The law firm executive says he is always looking for new ways to further improve the company’s digital security and stay one step ahead of increasingly sophisticated cyberattacks.
“It’s all about being able to close the loose ends on your network that offer attackers a weakness to exploit,” he says.
Historically, the law firm has used multiple technologies for securing its data and systems, such as endpoint detection and response (EDR) tools, anti-virus software for employee laptops, and ransomware detection for file systems.

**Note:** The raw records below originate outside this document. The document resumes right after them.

Lemma minfty_rle f : in_Fbar f -> rle (minfty L) f.
Proof. by move=> f_Fbar; split=> [r | s] x //= ->; apply: sublocale_top; apply: sublocale_down. Qed.

Lemma join_is_pinfty_mono f u h : in_Fbar u -> rle f u ->
  join_is f h (pinfty L) -> join_is u h (pinfty L).
Proof.
move=> u_Fbar fu [pinfty_Fbar [_ [h_le least]]].
split=> //; split; first exact: rle_pinfty.
split=> // v v_Fbar uv hv; exact: least v_Fbar (rle_trans fu uv) hv.
Qed.

Lemma meet_is_minfty_mono l f h : in_Fbar l -> rle l f ->
  meet_is f h (minfty L) -> meet_is l h (minfty L).
Proof.
move=> l_Fbar lf [minfty_Fbar [_ [le_h greatest]]].
split=> //; split; first exact: minfty_rle.
split=> // v v_Fbar vl vh; exact: greatest v_Fbar (rle_trans vl lf) vh.
Qed.

Lemma in_F_convex l g u : in_F l -> in_F u -> in_Fbar g -> rle l g -> rle g u -> in_F g.
Proof.
move=> [l_Fbar [_ l_meet]] [u_Fbar [u_join _]] g_Fbar lg gu.
split=> //; split=> h h_Fbar.
  by move/(join_is_pinfty_mono u_Fbar gu); apply: u_join.
by move/(meet_is_minfty_mono l_Fbar lg); apply: l_meet.
Qed.

Lemma F_sup_exists (S : rfun L -> Prop) :
  (forall f, S f -> in_F f) -> (exists f, S f) ->
  (exists u, in_F u /\ forall f, S f -> rle f u) ->
  exists s, in_F s /\ (forall f, S f -> rle f s) /\
            (forall u, in_F u -> (forall f, S f -> rle f u) -> rle s u).
Proof.
move=> S_F [f0 Sf0] [u [u_F u_ub]].
have S_Fbar f : S f -> in_Fbar f by move/S_F => [].
have sup_least v : in_F v -> (forall f, S f -> rle f v) -> rle (Fbar_sup S) v.
  by move=> [v_Fbar _]; apply: Fbar_sup_least.
exists (Fbar_sup S); split; last by split=> //; apply: Fbar_sup_ub.
exact: in_F_convex (S_F f0 Sf0) u_F (Fbar_sup_in S_Fbar) (Fbar_sup_ub S_Fbar Sf0)
  (sup_least u u_F u_ub).
Qed.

But before Illumio, it lacked strong methods for protecting “the back office” — all the applications and data that run its business operations — now living in both data centers and cloud platforms.
The executive recognized that microsegmentation would be a key way to bolster protection of these systems.
By being able to easily control and block pathways of travel down to the application level, the firm could greatly limit the “unlocked doors” that so often make it easy for cybercriminals to move around networks to steal data and hold companies hostage, he explains.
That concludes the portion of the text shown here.